Data and the gig economy drive newspaper delivery changes

Data and the gig economy drive newspaper delivery changes

Complex factors are at play as falling print circulations and the 'gig economy' turn newspaper delivery upside down in one of Australia's largest markets.

Nine Entertainment, which owns the Sydney Morning Herald and the Australian Financial Review, has now followed News Corp Australia in announcing the end of delivery arrangements which have been in place in Sydney for decades. But the question of who will take up the job of throwing rolled papers into readers' gateways remains unresolved.

Chief executive of the Newsagents Association of NSW and ACT (NANA) Ian Booth says newsagents had been handing in their delivery agreements back at the rate of 50-70 a year ahead of changes which began with News' June announcement that it was "consolidating" delivery arrangements across Sydney with a single distributor. Nine followed last week with what Booth says was the inevitable decision to end its "existing arrangements" as well.

"There was no way delivery could continue with just one publisher," he says. "Seventy per cent of deliveries had been (News') Daily Telegraph, and while the income for agents was being reduced, the costs would remain the same."

After months of plans and negotiations, News has pulled back from a scheme to set up six regional publication areas across NSW, opting for one distributor for metro Sydney alone serving nine territories, while Nine has approved two distributors.

As the industry segment moves closer to the 'gig economies' of ride sharing and room rental, there are also unconfirmed reports of expat drivers being recruited in India.

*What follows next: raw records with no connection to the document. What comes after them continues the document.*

(* Let $\rho$ be an $n$-qubit density matrix and define $\vec z\in\mathbb{C}^n$ by $z_i=\langle e_i|\rho|0^n\rangle$. If $\langle0^n|\rho|0^n\rangle=2/3+c$ for some $c>0$, then every $n$-qubit pure product state $|\pi\rangle$ satisfies \[ \langle\pi|\rho|\pi\rangle\le\langle0^n|\rho|0^n\rangle+\min\Big\{3\|\vec z\|_2,\ \frac{\|\vec z\|_2^2}{c}\Big\}. \]
   Context: $|e_i\rangle$ denotes the $n$-qubit computational basis state with $|1\rangle$ in position $i$ and $|0\rangle$ elsewhere; $|0^n\rangle$ is the all-zeros basis state. *)

(* Complex scalars: an arbitrary numClosedFieldType C
   (e.g. the complex numbers complex R over a realType R). *)
From HB Require Import structures.
From mathcomp Require Import all_boot all_order all_algebra.
Set Implicit Arguments. Unset Strict Implicit. Unset Printing Implicit Defensive.
Import Order.TTheory GRing.Theory Num.Theory.
Local Open Scope ring_scope.

(* Computational basis of n qubits: bit strings x : 'I_n -> bool. *)
Definition bits (n : nat) := {ffun 'I_n -> bool}.

(* An n-qubit operator, as a matrix indexed by bit strings:
   rho x y = <x| rho |y>. *)
Definition qop (C : numClosedFieldType) (n : nat) := bits n -> bits n -> C.

(* A vector of the n-qubit Hilbert space: v x = <x|v>. *)
Definition qvec (C : numClosedFieldType) (n : nat) := bits n -> C.

Definition braket (C : numClosedFieldType) n (u : qvec C n) (A : qop C n)
  (v : qvec C n) : C :=
  \sum_(x : bits n) \sum_(y : bits n) (u x)^* * A x y * v y.

Definition hermitian (C : numClosedFieldType) n (A : qop C n) : Prop :=
  forall x y, A y x = (A x y)^*.

Definition psd (C : numClosedFieldType) n (A : qop C n) : Prop :=
  forall v : qvec C n, 0 <= braket v A v.

Definition trace (C : numClosedFieldType) n (A : qop C n) : C :=
  \sum_(x : bits n) A x x.

Definition density_matrix (C : numClosedFieldType) n (A : qop C n) : Prop :=
  [/\ hermitian A, psd A & trace A = 1].

(* |0^n> and |e_i> as bit strings *)
Definition zeros n : bits n := [ffun _ => false].
Definition e_ n (i : 'I_n) : bits n := [ffun j => j == i].

(* single-qubit unit vector a : bool -> C (a false = <0|a>, a true = <1|a>) *)
Definition unit_qubit (C : numClosedFieldType) (a : bool -> C) : Prop :=
  `|a false| ^+ 2 + `|a true| ^+ 2 = 1.

Definition product_state (C : numClosedFieldType) n (a : 'I_n -> bool -> C)
  : qvec C n := fun x => \prod_(i < n) a i (x i).

Definition norm2 (C : numClosedFieldType) n (z : 'I_n -> C) : C :=
  sqrtC (\sum_(i < n) `|z i| ^+ 2).

(* Write |pi> = alpha |0^n> + |w> and p = <0^n|rho|0^n>.  The Schur complement of
   rho with respect to p is positive semidefinite, so <w|rho|w> - |X|^2/p is at most
   |w|^2 times its trace 1 - p - K/p, where X = <0^n|rho|w> and K is the squared
   norm of the off-diagonal part of the column rho|0^n>.  Splitting that column and
   w into weight-one and heavier strings, Cauchy-Schwarz bounds |X| by
   |z| |w_1| + |k| |w_2|.  For a product state the weights A = |alpha|^2 and
   B = |w_1|^2 satisfy A(1-A) <= B and 2A(1-A-B) <= (1-A)B, by induction on n.
   Eliminating the unknown heavier parts k and w_2 from the resulting real
   inequality leaves <pi|rho|pi> <= p + 2|z|t - (3c/2)t^2 with t = |w| <= 1, and
   the right-hand side is at most p + min(3|z|, |z|^2/c). *)

From Pilot Require Import Defs.
From HB Require Import structures.
From mathcomp Require Import all_boot all_order all_algebra.
From mathcomp Require Import ring lra.
Set Implicit Arguments. Unset Strict Implicit. Unset Printing Implicit Defensive.
Import Order.TTheory GRing.Theory Num.Theory.
Local Open Scope ring_scope.
(* For every $n\ge1$ and every $0\le\rho\le\rho^*$, $\mathbf{MaxStab}^{\mathrm{sym}}_1(\tfrac12)$ is attained by dictator functions, i.e. for every $f:\{-1,1\}^n\to\{0,1\}$ with $\mathbb Ef(\mathbf X)=\tfrac12$, $$\mathbb E[\Phi^{\mathrm{sym}}_1(T_\rho f(\mathbf X))]\le \tfrac{1-\rho}{2}\ln\tfrac{1-\rho}{2}+\tfrac{1+\rho}{2}\ln\tfrac{1+\rho}{2},$$ the right-hand side being the value for the dictator function $f(\mathbf x)=1\{x_1=1\}$.
   Context: $\mathbf X$ uniform on $\{-1,1\}^n$; $\mathbf Y$ obtained by independently flipping each coordinate of $\mathbf X$ with probability $(1-\rho)/2$; $T_\rho f(\mathbf x)=\mathbb E[f(\mathbf Y)\mid\mathbf X=\mathbf x]$. $\Phi^{\mathrm{sym}}_1(t)=t\ln t+(1-t)\ln(1-t)$ on $[0,1]$ with $0\ln0=0$. $\mathbf{MaxStab}^{\mathrm{sym}}_1(a)$ is the maximum of $\mathbb E[\Phi^{\mathrm{sym}}_1(T_\rho f(\mathbf X))]$ over Boolean $f:\{-1,1\}^n\to\{0,1\}$ with $\mathbb Ef(\mathbf X)=a$. Dictator functions are $1\{x_k=1\}$ and $1\{x_k=-1\}$, $k\in[n]$. $\rho^*\approx0.461491$ is the unique zero in $(0,\tfrac12]$ of $\psi(\rho)=(1+\rho^2)\ln\frac{1+\rho}{2}-(1-\rho)^2\ln\frac{1-\rho}{2}$. *)

From HB Require Import structures.
From mathcomp Require Import all_boot all_order all_algebra.
From mathcomp Require Import all_classical all_reals.
From mathcomp Require Import exp.
Set Implicit Arguments. Unset Strict Implicit. Unset Printing Implicit Defensive.
Import Order.TTheory GRing.Theory Num.Theory.
Local Open Scope ring_scope.
Lemma dot_from_lat_pt x1 y1 x2 y2 x3 y3 :
  dot_from (lat_pt x1 y1) (lat_pt x2 y2) (lat_pt x3 y3) =
  2 * a ^+ 2 * eisB (x2 - x1) (y2 - y1) (x3 - x1) (y3 - y1).
Proof.
apply/eqP; rewrite -subr_eq0 /dot_from /lat_pt /eisB /=.
rewrite (_ : _ - _ = (Num.sqrt 3 ^+ 2 - 3) * (a * (y2 - y1)) * (a * (y3 - y1)));
  last by ring.
by rewrite sqrt3_sq subrr !mul0r.
Qed.

Lemma dot_from_lat w X z :
  dot_from w X z = 2 * a ^+ 2 * eisB (lat_x X - lat_x w) (lat_y X - lat_y w)
                                     (lat_x z - lat_x w) (lat_y z - lat_y w).
Proof. by rewrite -dot_from_lat_pt !lat_ptK. Qed.

Lemma hexlat_lat_pt (m n : int) : hexlat a (lat_pt m%:~R n%:~R).
Proof.
case: hp => m0 [n0 pE]; exists (m0 + m), (n0 + n).
by rewrite /lat_pt pE /= !intrD; congr pair; ring.
Qed.

Lemma lat_coord_hexlat l : hexlat a l ->
  exists m n : int, lat_x l = m%:~R /\ lat_y l = n%:~R.
Proof.
case: hp => m0 [n0 pE] [m [n ->]]; exists (m - m0), (n - n0).
by rewrite /lat_x /lat_y pE /= !intrB; split; field; rewrite ?mulf_neq0 ?gt_eqF.
Qed.

Lemma voronoiE w : voronoi a p w <-> eis_voronoi (lat_x w) (lat_y w).
Proof.
have a4 : 0 < 4 * a ^+ 2 by rewrite mulr_gt0 // exprn_gt0.
split=> [Vw m n|Vw l /lat_coord_hexlat[m [n [lx ly]]]].
- have := Vw _ (hexlat_lat_pt m n).
  by rewrite !sqd2_lat lat_x_p lat_y_p lat_x_pt lat_y_pt !subr0 ler_pM2l.
- by rewrite !sqd2_lat lx ly lat_x_p lat_y_p !subr0 ler_pM2l.
Qed.

Lemma voronoi_sqd2_le w : voronoi a p w -> sqd2 w p <= 4 * a ^+ 2 / 3.
Proof.
move=> /voronoiE /eis_voronoi_eisQ_le Qle.
rewrite sqd2_lat lat_x_p lat_y_p !subr0 (le_trans (ler_wpM2l _ Qle)) ?mul1r //.
by rewrite mulr_ge0 ?sqr_ge0.
Qed.

Lemma normal_near_hexlat X w : voronoi a p w ->
  (forall z, voronoi a p z -> dot_from w X z <= 0) ->
  exists l, hexlat a l /\ sqd2 X l <= sqd2 w p.
Proof.
move=> /voronoiE Vw normal.
have a2 : 0 < 2 * a ^+ 2 by rewrite mulr_gt0 // exprn_gt0.
have a4 : 0 < 4 * a ^+ 2 by rewrite mulr_gt0 // exprn_gt0.
have [|m [n mn]] := eis_voronoi_normal_near_lattice _ _ (lat_x X) (lat_y X) Vw.
  move=> z1 z2 Vz; have /normal : voronoi a p (lat_pt z1 z2).
    by apply/voronoiE; rewrite lat_x_pt lat_y_pt.
  by rewrite dot_from_lat lat_x_pt lat_y_pt pmulr_rle0.
exists (lat_pt m%:~R n%:~R); split; first exact: hexlat_lat_pt.
by rewrite !sqd2_lat lat_x_pt lat_y_pt lat_x_p lat_y_p !subr0 ler_pM2l.
Qed.

Let dist_lat_lbound X :
  has_lbound [set d | exists l, hexlat a l /\ d = Num.sqrt (sqd2 X l)].
Proof. by exists 0 => _ [l [_ ->]]; exact: sqrtr_ge0. Qed.

Lemma dist_lat_le X l : hexlat a l -> dist_lat a X <= Num.sqrt (sqd2 X l).
Proof. by move=> hl; apply: (ge_inf (dist_lat_lbound X)); exists l. Qed.

Lemma dist_lat_ge0 X : 0 <= dist_lat a X.
Proof.
apply: lb_le_inf; first by exists (Num.sqrt (sqd2 X p)), p.
by move=> _ [l [_ ->]]; exact: sqrtr_ge0.
Qed.

Lemma dist_lat_voronoi w : voronoi a p w -> dist_lat a w = Num.sqrt (sqd2 w p).
Proof.
move=> Vw; apply/le_anti; rewrite dist_lat_le //=.
apply: lb_le_inf; first by exists (Num.sqrt (sqd2 w p)), p.
by move=> _ [l [hl ->]]; rewrite ler_sqrt ?Vw // addr_ge0 ?sqr_ge0.
Qed.

Lemma dist_lat_voronoi_le w : voronoi a p w -> dist_lat a w <= 2 * a / Num.sqrt 3.
Proof.
move=> Vw.
rewrite dist_lat_voronoi // -(ger0_norm (_ : 0 <= 2 * a / Num.sqrt 3)); last first.
  by rewrite divr_ge0 ?mulr_ge0 ?ltW.
rewrite -sqrtr_sqr ler_sqrt ?sqr_ge0 // expr_div_n sqr_sqrtr ?ler0n // exprMn.
by rewrite (le_trans (voronoi_sqd2_le w Vw)) //; lra.
Qed.

Lemma dist_lat_normal_le X w : voronoi a p w ->
  (forall z, voronoi a p z -> dot_from w X z <= 0) -> dist_lat a X <= dist_lat a w.
Proof.
move=> Vw normal; have [l [hl Xl]] := normal_near_hexlat X w Vw normal.
rewrite (dist_lat_voronoi w Vw) (le_trans (dist_lat_le X l hl)) // ler_sqrt //.
by rewrite addr_ge0 ?sqr_ge0.
Qed.

End hexagonal_cell.

Lemma exists_subdivision_itv {R : realType} (n : nat) (s : nat -> R) (t : R) :
  s 0%N <= t -> t <= s n -> ~ range s t -> exists2 i, (i < n)%N & s i < t < s i.+1.
Proof.
move=> s0t tsn t_range.
have s_neq k : s k != t by apply/eqP => skt; apply: t_range; exists k.
suff [snt|//] : s n < t \/ exists2 i, (i < n)%N & s i < t < s i.+1.
  by move: tsn; rewrite leNgt snt.
elim: n {tsn} => [|k [skt|[i ik hi]]]; first by left; rewrite lt_neqAle s_neq s0t.
- have [tsk|skt'] := ltP t (s k.+1); first by right; exists k; rewrite ?skt.
  by left; rewrite lt_neqAle s_neq skt'.
- by right; exists i => //; exact: ltnW.
Qed.

Lemma piecewise_smooth_cderivable {R : realType} (c : R -> pt3 R) (t0 t1 : R) :
  piecewise_smooth c t0 t1 ->
  exists s : nat -> R, forall t, t0 <= t <= t1 -> ~ range s t -> cderivable c t.
Proof.
move=> [n [s [<- <- _ smooth]]]; exists s => t /andP[s0t tsn] t_range.
have [i ilt /andP[sit tsi]] := exists_subdivision_itv n s t s0t tsn t_range.
have [g [[dg _] cg]] := smooth i ilt.
have c_near_g : {near t, g =1 c}.
  near=> u; apply/esym/cg; apply/andP; split; apply: ltW.
  - by near: u; exact: lt_nbhsr.
  - by near: u; exact: lt_nbhsl.
have near_comp (f : pt3 R -> R) : {near t, f \o g =1 f \o c}.
  by near=> u; rewrite /= (near c_near_g u).
have [dg1 dg2 dg3] := dg t.
by split; [exact: near_eq_derivable (near_comp _) dg1
          |exact: near_eq_derivable (near_comp _) dg2
          |exact: near_eq_derivable (near_comp _) dg3].
Unshelve. all: by end_near. Qed.

Lemma hspeed_ge0 {R : realType} (a : R) (c : R -> pt3 R) t : 0 <= hspeed a c t.
Proof. by rewrite /hspeed; case: ifP => _ //; exact: sqrtr_ge0. Qed.

Section prism_projection.
Context {R : realType}.
Variables (a : R) (p : pt2 R) (P : pt3 R -> pt3 R).
Hypotheses (a_gt0 : 0 < a) (hp : hexlat a p) (NP : nearest_proj (prism a p) P).
Implicit Types (x y : pt3 R).

Lemma nearest_proj_prism x :
  [/\ pz (P x) = pz x, voronoi a p (hor (P x)) &
      forall u, voronoi a p u -> sqd2 (hor x) (hor (P x)) <= sqd2 (hor x) u].
Proof.
have [DP Pmin] := NP x.
have key u : voronoi a p u ->
    sqd2 (hor x) (hor (P x)) + (pz x - pz (P x)) ^+ 2 <= sqd2 (hor x) u.
  move=> Vu; have := Pmin (u, pz x) Vu.
  by rewrite /sqd3 /sqd2 /px /py /pz /hor /= subrr expr0n /= addr0.
have Pz : pz (P x) = pz x.
  have := key _ DP; rewrite -[leRHS]addr0 lerD2l => z_le0.
  have /eqP : (pz x - pz (P x)) ^+ 2 = 0 by apply/le_anti; rewrite z_le0 sqr_ge0.
  by rewrite sqrf_eq0 subr_eq0 => /eqP.
by split=> // u /key; rewrite Pz subrr expr0n /= addr0.
Qed.

Lemma proj_normal x z : voronoi a p z -> dot_from (hor (P x)) (hor x) z <= 0.
Proof.
have [_ VP Pmin] := nearest_proj_prism x.
exact: (nearest_normal _ _ _ (voronoi_convex a p) VP Pmin z).
Qed.

Lemma sqd2_hor_proj_le x y : sqd2 (hor (P x)) (hor (P y)) <= sqd2 (hor x) (hor y).
Proof.
have [_ VPx _] := nearest_proj_prism x; have [_ VPy _] := nearest_proj_prism y.
by apply: normal_sqd2_le; [exact: proj_normal x _ VPy | exact: proj_normal y _ VPx].
Qed.

Hypothesis api : 2 * a / Num.sqrt 3 < pi / 2.

Lemma cos_dist_lat_proj x :
  cos (dist_lat a (hor (P x))) ^+ 2 <= cos (dist_lat a (hor x)) ^+ 2.
Proof.
have [_ VP _] := nearest_proj_prism x.
apply: cos_sqr_le.
  rewrite (dist_lat_ge0 a p hp) (dist_lat_normal_le a p a_gt0 hp _ _ VP) //.
  exact: proj_normal.
exact/ltW/(le_lt_trans (dist_lat_voronoi_le a p a_gt0 hp _ VP)).
Qed.

Lemma hspeed_proj_le (g : R -> pt3 R) t :
  cderivable g t -> hspeed a (P \o g) t <= hspeed a g t.
Proof.
move=> dg; rewrite /hspeed (asboolT dg).
case: asboolP => [[dP1 dP2 dP3]|_]; last exact: sqrtr_ge0.
have [dg1 dg2 dg3] := dg.
rewrite ler_sqrt; last by rewrite /hmetric !addr_ge0 ?sqr_ge0 // mulr_ge0 ?sqr_ge0.
have Pz : @pz R \o (P \o g) = @pz R \o g.
  by apply/funext => u /=; case: (nearest_proj_prism (g u)).
have hor_le :=
  derive_sqnorm_le dP1 dP2 dg1 dg2 (fun u => sqd2_hor_proj_le (g u) (g t)).
have := cos_dist_lat_proj (g t).
rewrite /hmetric /cderive /px /py /pz /= -/(@pz R \o (P \o g)) Pz /=.
by have := sqr_ge0 ('D_1 (@pz R \o g) t); nra.
Qed.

Whatever the truth of that, there is clearly the issue of moving from the regulated cost base under which newsagents operate - which Booth says requires payment for a minimum of three hours work regardless of how small the delivery task becomes - to one more resembling ride-sharing service Uber.

News' changes are timed for next January, while Nine has told newsagents it is cancelling existing agreements covering home delivery and retail distribution from next March. A letter from Nine says that while it would seek discussions about continuing to sell newspapers in store, it remained committed to the newsagent retail channel for its publications.

The moves have also brought to a head, concerns about remuneration - as publishers move from a percentage of cover prices to a per copy fee - and title to the customer data involved.

Because traditionally newsagents have been just that - agents of the publisher, rather than mere retailers - publishers are keen to get hold of information about delivery customers which, even if it as simple as their names and addresses, holds the key to broader demographic data about property type and potential purchasing habits. This would also expand opportunities - such as remain - for personalised publishing and marketing.

Newsagents cite potential issues over privacy as a reason for keeping the data they hold to themselves, and say many of their customers do not want a direct relationship with a publisher, either out of reluctance to part with payment card details or - as Ian Booth relayed it - "because they wouldn't trust Rupert Murdoch with them".

New specialised distributors - News is working with a new partnership of Fnet and a Melbourne distributor - have work ahead of them before new arrangements start next year. And the possibility, as Booth put it, that Sydney arrangements might follow experience in Brisbane and "go to the eleventh hour and then fall apart".